Look for the line that has "d (4*t+1) (4*n+1) = d (2*t+1) (2*n) /\" in the material below; please repeat it and every line after it, exactly, up to and including the line that has "d (4*t+3) (4*n+3) = d (2*t+2) (2*n+1) - 1.", and nothing else.

########

(* For all $t,n\in\mathbb N$ we have $d(0,n)=0$ and \begin{align*} &d(4t,4n)=d(2t,2n),\quad d(4t,4n+1)=d(2t,2n),\quad d(4t,4n+2)=d(2t,2n+1),\quad d(4t,4n+3)=d(2t,2n+1),\\ &d(4t+1,4n)=d(2t,2n),\quad d(4t+1,4n+1)=d(2t+1,2n),\quad d(4t+1,4n+2)=d(2t,2n+1)+1,\quad d(4t+1,4n+3)=d(2t+1,2n+1)-1,\\ &d(4t+2,4n)=d(2t+1,2n),\quad d(4t+2,4n+1)=d(2t+1,2n)+1,\quad d(4t+2,4n+2)=d(2t+1,2n+1),\quad d(4t+2,4n+3)=d(2t+1,2n+1)-1,\\ &d(4t+3,4n)=d(2t+1,2n)+1,\quad d(4t+3,4n+1)=d(2t+2,2n),\quad d(4t+3,4n+2)=d(2t+1,2n+1),\quad d(4t+3,4n+3)=d(2t+2,2n+1)-1. \end{align*}
   Context: For $n\in\mathbb N=\{0,1,2,\dots\}$ with binary digits $\delta_j(n)\in\{0,1\}$ ($n=\sum_j\delta_j(n)2^j$), let $\mathsf r(n)=\#\{j\ge0:\delta_{j+1}(n)=\delta_j(n)=1\}$, the number of (overlapping) occurrences of the block $\mathtt{11}$ in the binary expansion of $n$. Let $d(t,n)=\mathsf r(n+t)-\mathsf r(n)$. *)

From mathcomp Require Import all_boot all_order all_algebra.
Set Implicit Arguments. Unset Strict Implicit. Unset Printing Implicit Defensive.
Import GRing.Theory Num.Theory.

Definition bdigit (j n : nat) : bool := odd (n %/ 2 ^ j).

(* r(n) = #{ j >= 0 : delta_{j+1}(n) = delta_j(n) = 1 }.
   All digits with index j >= n vanish (2^j > n), so summing over j < n
   counts every occurrence. *)
Definition r (n : nat) : nat := \sum_(j < n) (bdigit j.+1 n && bdigit j n).

Definition d (t n : nat) : int := (r (n + t))%:Z - (r n)%:Z.

From mathcomp Require Import all_boot all_order all_algebra.
From mathcomp Require Import zify.
Import GRing.Theory.

(* Deleting the last binary digit of [N] destroys exactly one block [11] if
   [N] ends in [11] and none otherwise, so [r N = r (N / 2) + [N = 3 mod 4]].
   Applying this once to [n + t] and to [n], with [t = 4 t' + c] and
   [n = 4 n' + e], gives [d t n] in terms of [d] at half the arguments; the
   sixteen identities are the sixteen values of the residues [(c, e)]. *)

Definition ends11 (n : nat) : bool := odd n && odd n./2.

Lemma bdigit_small j n : n < 2 ^ j -> bdigit j n = false.
Proof. by move=> lt_n; rewrite /bdigit divn_small. Qed.

Lemma bdigit0 n : bdigit 0 n = odd n.
Proof. by rewrite /bdigit expn0 divn1. Qed.

Lemma bdigitS j n : bdigit j.+1 n = bdigit j n./2.
Proof. by rewrite /bdigit expnS divnMA divn2. Qed.

Lemma r_sum_widen n K : n <= K ->
  r n = \sum_(j < K) (bdigit j.+1 n && bdigit j n).
Proof.
move=> le_nK; rewrite /r -!(big_mkord xpredT (fun j => bdigit j.+1 n && bdigit j n : nat)).
rewrite (big_cat_nat (leq0n n) le_nK) /= [X in _ + X]big_nat_cond.
rewrite [X in _ + X]big1 ?addn0 // => j /andP[/andP[le_nj _] _].
by rewrite (@bdigit_small j) ?andbF // (leq_trans (ltn_expl n (ltnSn 1))) // leq_pexp2l.
Qed.

Lemma half_leq_self n : n./2 <= n.
Proof. by rewrite leq_half_double; lia. Qed.

Lemma r_half n : r n = r n./2 + ends11 n.
Proof.
rewrite (r_sum_widen _ _ (leqnSn n)) big_ord_recl (r_sum_widen _ _ (half_leq_self n)) addnC.
congr (_ + _); first by apply: eq_bigr => i _; rewrite !bdigitS.
by rewrite bdigitS !bdigit0 andbC.
Qed.

Lemma half_mul2nD m x : (2 * m + x)./2 = m + x./2.
Proof. by rewrite halfD mul2n odd_double doubleK. Qed.

Lemma odd_mul2nD m x : odd (2 * m + x) = odd x.
Proof. by rewrite oddD mul2n odd_double. Qed.

Lemma r_quad m x : r (4 * m + x) = r (2 * m + x./2) + ends11 x.
Proof.
have quad : 4 * m + x = 2 * (2 * m) + x by rewrite mulnA.
by rewrite r_half quad /ends11 !half_mul2nD !odd_mul2nD.
Qed.

Local Open Scope ring_scope.

Lemma d_quad t n c e :
  d (4 * t + c) (4 * n + e)
  = d (2 * t + ((e + c)./2 - e./2)) (2 * n + e./2) + (ends11 (e + c))%:Z - (ends11 e)%:Z.
Proof.
have le_half : (e./2 <= (e + c)./2)%N by apply/half_leq/leq_addr.
rewrite /d addnACA -mulnDr !r_quad.
have -> : (2 * (n + t) + (e + c)./2 = 2 * n + e./2 + (2 * t + ((e + c)./2 - e./2)))%N by lia.
lia.
Qed.

Theorem lemma3p1 : forall t n : nat,
  d 0 n = 0 /\
  d (4*t) (4*n) = d (2*t) (2*n) /\
  d (4*t) (4*n+1) = d (2*t) (2*n) /\
  d (4*t) (4*n+2) = d (2*t) (2*n+1) /\
  d (4*t) (4*n+3) = d (2*t) (2*n+1) /\
  d (4*t+1) (4*n) = d (2*t) (2*n) /\
  d (4*t+1) (4*n+1) = d (2*t+1) (2*n) /\
  d (4*t+1) (4*n+2) = d (2*t) (2*n+1) + 1 /\
  d (4*t+1) (4*n+3) = d (2*t+1) (2*n+1) - 1 /\
  d (4*t+2) (4*n) = d (2*t+1) (2*n) /\
  d (4*t+2) (4*n+1) = d (2*t+1) (2*n) + 1 /\
  d (4*t+2) (4*n+2) = d (2*t+1) (2*n+1) /\
  d (4*t+2) (4*n+3) = d (2*t+1) (2*n+1) - 1 /\
  d (4*t+3) (4*n) = d (2*t+1) (2*n) + 1 /\
  d (4*t+3) (4*n+1) = d (2*t+2) (2*n) /\
  d (4*t+3) (4*n+2) = d (2*t+1) (2*n+1) /\
  d (4*t+3) (4*n+3) = d (2*t+2) (2*n+1) - 1.
Proof.
move=> t n; split; first by rewrite /d addn0 subrr.
(* [4 * t] is not convertible to [4 * t + 0]: pad the bare multiples so [d_quad] applies. *)
rewrite -![in d (4 * t) _](addn0 (4 * t)%N) -![in d _ (4 * n)](addn0 (4 * n)%N).
rewrite -![in d (2 * t) _](addn0 (2 * t)%N) -![in d _ (2 * n)](addn0 (2 * n)%N).
by do !split; rewrite d_quad addnE subnE /=; lia.
Qed.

########

Task result:
  d (4*t+1) (4*n+1) = d (2*t+1) (2*n) /\
  d (4*t+1) (4*n+2) = d (2*t) (2*n+1) + 1 /\
  d (4*t+1) (4*n+3) = d (2*t+1) (2*n+1) - 1 /\
  d (4*t+2) (4*n) = d (2*t+1) (2*n) /\
  d (4*t+2) (4*n+1) = d (2*t+1) (2*n) + 1 /\
  d (4*t+2) (4*n+2) = d (2*t+1) (2*n+1) /\
  d (4*t+2) (4*n+3) = d (2*t+1) (2*n+1) - 1 /\
  d (4*t+3) (4*n) = d (2*t+1) (2*n) + 1 /\
  d (4*t+3) (4*n+1) = d (2*t+2) (2*n) /\
  d (4*t+3) (4*n+2) = d (2*t+1) (2*n+1) /\
  d (4*t+3) (4*n+3) = d (2*t+2) (2*n+1) - 1.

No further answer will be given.